If typical size of a gas molecule is `2Å`, average distance between the molecules is

To find the average distance between gas molecules given that the typical size of a gas molecule is \(2 \, \text{Å}\) (angstrom), we can use the formula for the mean free path, which is a measure of the average distance a molecule travels between collisions.
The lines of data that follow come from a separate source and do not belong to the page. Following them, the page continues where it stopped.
(* Let $X$ be a real random variable with finite cumulative information generating function (CIGF), and let $Y=\gamma X+\delta$ with $\gamma\in\mathbb{R}\setminus\{0\}$ and $\delta\in\mathbb{R}$. Then $$G_Y(\alpha,\beta)=\begin{cases}\gamma\,G_X(\alpha,\beta), & 0<\gamma<\infty,\\ |\gamma|\,G_X(\beta,\alpha), & -\infty<\gamma<0,\end{cases}$$ for $(\alpha,\beta)\in D_X$ if $0<\gamma<\infty$, and for $(\beta,\alpha)\in D_X$ if $-\infty<\gamma<0$.
   Context: For a random variable $X$ with CDF $F(x)=\mathbb{P}(X\le x)$ and survival function $\overline F(x)=1-F(x)$, let $l=\inf\{x\in\mathbb{R}:F(x)>0\}$ and $r=\sup\{x\in\mathbb{R}:\overline F(x)>0\}$ (possibly infinite). The cumulative information generating function (CIGF) of $X$ is $G_X(\alpha,\beta)=\int_l^r [F(x)]^\alpha[\overline F(x)]^\beta\,dx$, defined on $D_X=\{(\alpha,\beta)\in\mathbb{R}^2: G_X(\alpha,\beta)<+\infty\}$. *)

From HB Require Import structures.
From mathcomp Require Import all_boot all_order all_algebra.
From mathcomp Require Import all_classical all_reals all_analysis.
Set Implicit Arguments. Unset Strict Implicit. Unset Printing Implicit Defensive.
Import Order.TTheory GRing.Theory Num.Theory.
Local Open Scope classical_set_scope.
Local Open Scope ring_scope.

Section cigf.
Context d {T : measurableType d} {R : realType} (P : probability T R).

Definition cdfR (X : {RV P >-> R}) (x : R) : R := fine (cdf X x).

Definition survR (X : {RV P >-> R}) (x : R) : R := 1 - cdfR X x.

Definition supp_l (X : {RV P >-> R}) : \bar R :=
  ereal_inf [set x%:E | x in [set x : R | 0 < cdfR X x]].
Definition supp_r (X : {RV P >-> R}) : \bar R :=
  ereal_sup [set x%:E | x in [set x : R | 0 < survR X x]].

Definition CIGF (X : {RV P >-> R}) (a b : R) : \bar R :=
  (\int[lebesgue_measure]_(x in [set x : R | (supp_l X < x%:E)%E /\ (x%:E < supp_r X)%E])
     ((cdfR X x) `^ a * (survR X x) `^ b)%:E)%E.

Definition CIGF_dom (X : {RV P >-> R}) : set (R * R) :=
  [set ab | (CIGF X ab.1 ab.2 < +oo)%E].
End cigf.

(* Substituting y = gamma x + delta turns the integral defining G_Y into
   |gamma| times an integral over the support interval of X.  For gamma > 0
   the cdf of Y at gamma x + delta is F_X(x).  For gamma < 0 it is
   1 - P(X < x), so F and 1 - F exchange roles; P(X < x) differs from F_X(x)
   only at the atoms of X, a countable and hence Lebesgue-null set. *)

From HB Require Import structures.
From mathcomp Require Import all_boot all_order all_algebra.
From mathcomp Require Import all_classical all_reals all_analysis.
From mathcomp Require Import ring lra measurable_realfun.
Import Order.TTheory GRing.Theory Num.Theory.
Local Open Scope classical_set_scope.
Local Open Scope ring_scope.

Section affine_change_of_variables.
Context {R : realType} (a b : R).
Hypothesis a0 : a != 0.
Local Notation affine := (fun x : R => a * x + b).

Lemma affineK : cancel (fun y => a^-1 * (y - b)) affine.
Proof. by move=> y; rewrite mulrA mulfV // mul1r subrK. Qed.

Lemma measurable_affine : measurable_fun [set: R] (affine : R -> measurableTypeR R).
Proof. by apply: measurable_funD => //; exact: mulrl_measurable. Qed.

Lemma affine_preimage_itv_oc (u v : R) : affine @^-1` `]affine u, affine v] =
  if 0 < a then `]u, v]%classic else `[v, u[%classic.
Proof.
move: a0; case: ltrgt0P => // [a_gt0|a_lt0] _; apply/seteqP;
  split => x /=; rewrite !in_itv /= !ltrD2r !lerD2r.
- by rewrite ltr_pM2l ?ler_pM2l.
- by rewrite ltr_pM2l ?ler_pM2l.
- by rewrite ltr_nM2l ?ler_nM2l // andbC.
- by rewrite ltr_nM2l ?ler_nM2l // andbC.
Qed.

Lemma lebesgue_measure_affine_preimage (A : set R) : measurable A ->
  lebesgue_measure (affine @^-1` A) = (`|a|^-1%:E * lebesgue_measure A)%E.
Proof.
(* The measure instance of [pushforward] is parameterized by the
   measurability proof, hence the applications [mu measurable_affine]. *)
move=> mA; pose mu := mscale (NngNum (normr_ge0 a))
  (pushforward lebesgue_measure (affine : _ -> measurableTypeR R)).
have -> : lebesgue_measure A = mu measurable_affine A.
  (* [mu] agrees with the Lebesgue measure on the generating intervals. *)
  apply: lebesgue_measure_unique => // _ [[s t] _ <-] /=.
  have := affine_preimage_itv_oc (a^-1 * (s - b)) (a^-1 * (t - b)).
  rewrite !affineK /mu /mscale /= /pushforward => ->.
  move: (a0); case: ltrgt0P => // a_sgn _.
  - rewrite !lebesgue_measure_itv /= !lte_fin ltr_pM2l ?invr_gt0 // ltrD2r.
    by case: ifPn => _; rewrite ?mule0 // -!EFinD -EFinM; congr EFin; field.
  - rewrite !lebesgue_measure_itv /= !lte_fin ltr_nM2l ?invr_lt0 // ltrD2r.
    by case: ifPn => _; rewrite ?mule0 // -!EFinD -EFinM; congr EFin; field.
by rewrite /mu /= muleA -EFinM mulVf ?mul1e // normr_eq0.
Qed.

Lemma ge0_integral_affine_preimage (E : set R) (f : R -> \bar R) :
  measurable E -> measurable_fun E f -> (forall y, E y -> (0 <= f y)%E) ->
  (\int[lebesgue_measure]_(y in E) f y =
   `|a|%:E * \int[lebesgue_measure]_(x in affine @^-1` E) f (affine x))%E.
Proof.
(* With [maffine] in the context the pushforward measure instance is found. *)
move=> mE mf f0; have maffine := measurable_affine.
have f0' : {in E, forall y, (0 <= f y)%E} by move=> y /set_mem /f0.
have := @ge0_integral_pushforward _ _ (measurableTypeR R) (measurableTypeR R) R
  _ maffine lebesgue_measure E f mE mf f0'.
have inv_norm_ge0 : 0 <= `|a|^-1 by rewrite invr_ge0.
rewrite (eq_measure_integral (mscale (NngNum inv_norm_ge0) lebesgue_measure))
  => [|A mA _]; last exact: lebesgue_measure_affine_preimage.
rewrite ge0_integral_mscale //= => pushE.
transitivity (`|a|%:E * (`|a|^-1%:E * \int[lebesgue_measure]_(y in E) f y))%E.
  by rewrite muleA -EFinM mulfV ?mul1e // normr_eq0.
exact: congr1 pushE.
Qed.

End affine_change_of_variables.

Lemma ereal_inf_EFin_ltP {R : realType} (S : set R) (y : R) :
  (ereal_inf (EFin @` S) < y%:E)%E <-> exists2 z, S z & z < y.
Proof.
split.
- by move=> /ereal_inf_lt[_ [z Sz <-]]; rewrite lte_fin => zy; exists z.
- move=> [z Sz zy]; apply: (@le_lt_trans _ _ z%:E); last by rewrite lte_fin.
  by apply: ereal_inf_lbound; exists z.
Qed.

Lemma ereal_sup_EFin_gtP {R : realType} (S : set R) (y : R) :
  (y%:E < ereal_sup (EFin @` S))%E <-> exists2 z, S z & y < z.
Proof.
split.
- by move=> /ereal_sup_gt[_ [z Sz <-]]; rewrite lte_fin => yz; exists z.
- move=> [z Sz yz]; apply: (@lt_le_trans _ _ z%:E); first by rewrite lte_fin.
  by apply: ereal_sup_ubound; exists z.
Qed.

Lemma exists2_mono_can {T U : Type} {f : T -> U} {f' : U -> T}
    {r : rel T} {s : rel U} {P : U -> Prop} {Q : T -> Prop} {x : T} :
  cancel f' f -> {mono f : u v / r u v >-> s u v} ->
  (forall u, P (f u) <-> Q u) ->
  (exists2 z, s z (f x) & P z) <-> (exists2 u, r u x & Q u).
Proof.
move=> f'K f_mono PQ; split=> [[z szfx Pz]|[u rux Qu]].
  by exists (f' z); [rewrite -f_mono f'K | apply/PQ; rewrite f'K].
by exists (f u); [rewrite f_mono | apply/PQ].
Qed.

Lemma measurable_cigf_integrand {R : realType} (D : set R) (F : R -> R)
    (a b : R) : measurable_fun [set: R] F ->
  measurable_fun D (fun x => (F x `^ a * (1 - F x) `^ b)%:E).
Proof.
move=> mF; apply/measurable_funTS/measurable_EFinP/measurable_funM.
- exact: measurableT_comp (measurable_powR _) mF.
- by apply: measurableT_comp (measurable_powR _) _; exact: measurable_funB.
Qed.

Section left_limit_of_cdf.
Context {d} {T : measurableType d} {R : realType} {P : probability T R}.
Variable X : {RV P >-> R}.

Definition lcdfR (x : R) : R := fine (distribution P X `]-oo, x[).

Let fine_distribution_le (A B : set R) : measurable A -> measurable B ->
  A `<=` B -> fine (distribution P X A) <= fine (distribution P X B).
Proof. by move=> mA mB AB; rewrite fine_le ?fin_num_measure // le_measure // inE. Qed.

Lemma lcdfR_le_cdfR (x : R) : lcdfR x <= cdfR X x.
Proof. by apply: fine_distribution_le => // y /=; rewrite !in_itv /= => /ltW. Qed.

Lemma cdfR_le_lcdfR (x y : R) : x < y -> cdfR X x <= lcdfR y.
Proof.
move=> xy; apply: fine_distribution_le => // z /=; rewrite !in_itv /=.
by move=> /le_lt_trans; apply.
Qed.

Lemma measurable_cdfR : measurable_fun [set: R] (cdfR X).
Proof.
apply: nondecreasing_measurable => // x y xy; apply: fine_distribution_le => //.
by move=> z /=; rewrite !in_itv /= => /le_trans; apply.
Qed.

Lemma measurable_lcdfR : measurable_fun [set: R] lcdfR.
Proof.
apply: nondecreasing_measurable => // x y xy; apply: fine_distribution_le => //.
by move=> z /=; rewrite !in_itv /= => /lt_le_trans; apply.
Qed.

Lemma cdfR_lcdfR_pmf (x : R) : cdfR X x = lcdfR x + pmf X x.
Proof.
rewrite /cdfR /cdf.
have -> : `]-oo, x]%classic = `]-oo, x[%classic `|` [set x] :> set R.
  by rewrite setUitv1.
rewrite measureU //; last first.
  by rewrite -subset0 => y [+ /= yx]; rewrite yx /= in_itv /= ltxx.
by rewrite fineD ?fin_num_measure.
Qed.

Lemma lcdfR_ae_eq_cdfR (D : set R) : ae_eq lebesgue_measure D lcdfR (cdfR X).
Proof.
exists [set x | 0 < pmf X x]; split.
- exact: countable_measurable (pmf_gt0_countable X).
- exact: countable_lebesgue_measure0 (pmf_gt0_countable X).
move=> x /= /not_implyP[_]; rewrite cdfR_lcdfR_pmf lt_neqAle pmf_ge0 andbT.
by move=> lcdfR_neq; apply/eqP => pmf0; apply: lcdfR_neq; rewrite -pmf0 addr0.
Qed.

End left_limit_of_cdf.

Definition supp_itv {d} {T : measurableType d} {R : realType}
    {P : probability T R} (X : {RV P >-> R}) : set R :=
  [set x : R | (supp_l X < x%:E)%E /\ (x%:E < supp_r X)%E].

Section support_interval.
Context {d} {T : measurableType d} {R : realType} {P : probability T R}.
Variable X : {RV P >-> R}.

Lemma measurable_supp_itv : measurable (supp_itv X).
Proof.
apply: is_interval_measurable => x y [lx _] [_ ry] z /andP[xz zy]; split.
- by apply: (lt_le_trans lx); rewrite lee_fin.
- by apply: (le_lt_trans _ ry); rewrite lee_fin.
Qed.

Lemma supp_itvP (x : R) : supp_itv X x <->
  (exists2 z, z < x & 0 < cdfR X z) /\ (exists2 z, x < z & cdfR X z < 1).
Proof.
rewrite /supp_itv /supp_l /supp_r /= ereal_inf_EFin_ltP ereal_sup_EFin_gtP.
split=> -[[z z0 zx] [w w1 xw]]; (split; first by exists z); exists w => //.
- by move: w1; rewrite /= /survR subr_gt0.
- by rewrite /= /survR subr_gt0.
Qed.

Lemma supp_itv_lcdfRP (x : R) : supp_itv X x <->
  (exists2 z, z < x & 0 < lcdfR X z) /\ (exists2 z, x < z & lcdfR X z < 1).
Proof.
rewrite supp_itvP; split=> -[[z zx z0] [w xw w1]]; split.
- exists ((z + x) / 2); first lra.
  by apply: (lt_le_trans z0); apply: cdfR_le_lcdfR; lra.
- by exists w => //; apply: le_lt_trans w1; exact: lcdfR_le_cdfR.
- by exists z => //; apply: (lt_le_trans z0); exact: lcdfR_le_cdfR.
- exists ((x + w) / 2); first lra.
  by apply: le_lt_trans w1; apply: cdfR_le_lcdfR; lra.
Qed.

End support_interval.

Section affine_transform.
Context {d} {T : measurableType d} {R : realType} {P : probability T R}.
Context {X Y : {RV P >-> R}} {g c : R}.
Hypothesis hY : forall t, Y t = g * X t + c.

Lemma cdfR_affine_gt0 : 0 < g -> forall x, cdfR Y (g * x + c) = cdfR X x.
Proof.
move=> g_gt0 x; rewrite /cdfR /cdf /distribution /pushforward.
by congr (fine (P _)); apply/seteqP; split => t /=; rewrite !in_itv /= hY lerD2r ler_pM2l.
Qed.

Lemma cdfR_affine_lt0 : g < 0 -> forall x, cdfR Y (g * x + c) = 1 - lcdfR X x.
Proof.
move=> g_lt0 x; rewrite /cdfR /lcdfR /cdf /distribution /pushforward.
have -> : Y @^-1` `]-oo, g * x + c] = ~` (X @^-1` `]-oo, x[).
  by apply/seteqP; split => t /=; rewrite !in_itv /= hY lerD2r ler_nM2l // leNgt => /negP.
set A := X @^-1` _; have mA : measurable A by exact: measurable_funPTI.
by rewrite probability_setC // -[P A]fineK ?fin_num_measure // -EFinB.
Qed.

Hypothesis g0 : g != 0.
Local Notation affine := (fun x => g * x + c).

Lemma supp_itv_affine_gt0 : 0 < g -> affine @^-1` supp_itv Y = supp_itv X.
Proof.
move=> g_gt0; have lt_affine : {mono affine : u v / u < v}.
  by move=> u v; rewrite ltrD2r ltr_pM2l.
apply/predeqP => x; rewrite /preimage /= !supp_itvP.
have lower : (exists2 z, z < g * x + c & 0 < cdfR Y z) <->
    (exists2 u, u < x & 0 < cdfR X u).
  by apply: exists2_mono_can (affineK g c g0) lt_affine _ => u; rewrite cdfR_affine_gt0.
have upper : (exists2 z, g * x + c < z & cdfR Y z < 1) <->
    (exists2 u, x < u & cdfR X u < 1).
  apply: (exists2_mono_can (r := fun u v => v < u) (s := fun u v => v < u)
    (affineK g c g0)) => [u v|u]; [exact: lt_affine | by rewrite cdfR_affine_gt0].
by rewrite lower upper.
Qed.

Lemma supp_itv_affine_lt0 : g < 0 -> affine @^-1` supp_itv Y = supp_itv X.
Proof.
move=> g_lt0; have lt_affine : {mono affine : u v /~ u < v}.
  by move=> u v; rewrite ltrD2r ltr_nM2l.
apply/predeqP => x; rewrite /preimage /= supp_itvP supp_itv_lcdfRP and_comm.
have lower : (exists2 z, z < g * x + c & 0 < cdfR Y z) <->
    (exists2 u, x < u & lcdfR X u < 1).
  apply: (exists2_mono_can (r := fun u v => v < u) (affineK g c g0)) => [u v|u].
    exact: lt_affine.
  by rewrite cdfR_affine_lt0 // subr_gt0.
have upper : (exists2 z, g * x + c < z & cdfR Y z < 1) <->
    (exists2 u, u < x & 0 < lcdfR X u).
  apply: (exists2_mono_can (s := fun u v => v < u) (affineK g c g0)) => [u v|u].
    exact: lt_affine.
  by rewrite cdfR_affine_lt0 // ltrBlDl ltrDr.
by rewrite lower upper.
Qed.

End affine_transform.

Lemma CIGF_affine {d} {T : measurableType d} {R : realType}
    {P : probability T R} {X Y : {RV P >-> R}} {g c : R} (a b : R) : g != 0 ->
  (fun x => g * x + c) @^-1` supp_itv Y = supp_itv X ->
  CIGF Y a b = (`|g|%:E * \int[lebesgue_measure]_(x in supp_itv X)
    (cdfR Y (g * x + c)%R `^ a * survR Y (g * x + c)%R `^ b)%:E)%E.
Proof.
move=> g0 suppE; rewrite -suppE; apply: ge0_integral_affine_preimage => //.
- exact: measurable_supp_itv.
- by apply: measurable_cigf_integrand; exact: measurable_cdfR.
- by move=> y _; rewrite lee_fin mulr_ge0 ?powR_ge0.
Qed.

Lemma CIGF_lcdfR {d} {T : measurableType d} {R : realType}
    {P : probability T R} (X : {RV P >-> R}) (a b : R) :
  CIGF X a b = (\int[lebesgue_measure]_(x in supp_itv X)
    (lcdfR X x `^ a * (1 - lcdfR X x) `^ b)%:E)%E.
Proof.
apply/esym/ge0_ae_eq_integral.
- exact: measurable_supp_itv.
- by apply: measurable_cigf_integrand; exact: measurable_lcdfR.
- by apply: measurable_cigf_integrand; exact: measurable_cdfR.
- by move=> y _; rewrite lee_fin mulr_ge0 ?powR_ge0.
- by move=> y _; rewrite lee_fin mulr_ge0 ?powR_ge0.
- by apply: filterS (lcdfR_ae_eq_cdfR X (supp_itv X)) => x + Dx => /(_ Dx) ->.
Qed.

Theorem theorem1 (d : measure_display) (T : measurableType d) (R : realType)
  (P : probability T R) (X Y : {RV P >-> R}) (gamma delta : R)
  (hgamma : gamma != 0) (hY : forall t, Y t = gamma * X t + delta) :
  (0 < gamma -> forall alpha beta : R, (alpha, beta) \in CIGF_dom X ->
     CIGF Y alpha beta = (gamma%:E * CIGF X alpha beta)%E) /\
  (gamma < 0 -> forall alpha beta : R, (beta, alpha) \in CIGF_dom X ->
     CIGF Y alpha beta = (`|gamma|%:E * CIGF X beta alpha)%E).
Proof.
(* Both sides are integrals with values in [0, +oo]. *)
split=> [g_gt0 a b _|g_lt0 a b _].
- rewrite (CIGF_affine a b hgamma (supp_itv_affine_gt0 hY hgamma g_gt0)).
  apply: congr2; first by rewrite gtr0_norm.
  by apply: eq_integral => x _; rewrite /survR (cdfR_affine_gt0 hY).
- rewrite (CIGF_affine a b hgamma (supp_itv_affine_lt0 hY hgamma g_lt0)).
  (* not [congr]: it would try to close the integral equation by conversion *)
  apply: congr2; first by [].
  rewrite CIGF_lcdfR; apply: eq_integral => x _.
  by rewrite /survR (cdfR_affine_lt0 hY) // subKr mulrC.
Qed.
The formula for the mean free path (\(\lambda\)) is given by: \[ \lambda = \frac{k_B T}{\sqrt{2} \pi D^2 P} \] Where: - \(k_B\) is the Boltzmann constant, approximately \(1.38 \times 10^{-23} \, \text{J/K}\) - \(T\) is the temperature in Kelvin - \(D\) is the diameter of the gas molecule - \(P\) is the pressure in Pascals ### Step-by-Step Solution: 1. **Identify the Values**: - Diameter of the gas molecule \(D = 2 \, \text{Å} = 2 \times 10^{-10} \, \text{m}\) - Temperature \(T = 273 \, \text{K}\) (standard temperature) - Pressure \(P = 1 \, \text{atm} = 1.01 \times 10^5 \, \text{Pa}\) 2. **Substitute the Values into the Formula**: \[ \lambda = \frac{(1.38 \times 10^{-23} \, \text{J/K}) \times (273 \, \text{K})}{\sqrt{2} \pi (2 \times 10^{-10} \, \text{m})^2 (1.01 \times 10^5 \, \text{Pa})} \] 3. **Calculate the Denominator**: - First, calculate \(D^2\): \[ D^2 = (2 \times 10^{-10})^2 = 4 \times 10^{-20} \, \text{m}^2 \] - Now calculate \(\sqrt{2} \pi D^2 P\): \[ \sqrt{2} \approx 1.414, \quad \pi \approx 3.14 \] \[ \sqrt{2} \pi D^2 P = 1.414 \times 3.14 \times (4 \times 10^{-20}) \times (1.01 \times 10^5) \] \[ \approx 1.414 \times 3.14 \times 4.04 \times 10^{-15} \approx 1.78 \times 10^{-14} \] 4. **Calculate the Numerator**: \[ k_B T = (1.38 \times 10^{-23}) \times (273) \approx 3.77 \times 10^{-21} \, \text{J} \] 5. **Calculate the Mean Free Path**: \[ \lambda = \frac{3.77 \times 10^{-21}}{1.78 \times 10^{-14}} \approx 2.11 \times 10^{-7} \, \text{m} \] 6. **Convert to Angstroms**: \[ 2.11 \times 10^{-7} \, \text{m} = 2110 \, \text{Å} \] ### Final Answer: The average distance between the molecules is approximately \(2110 \, \text{Å}\).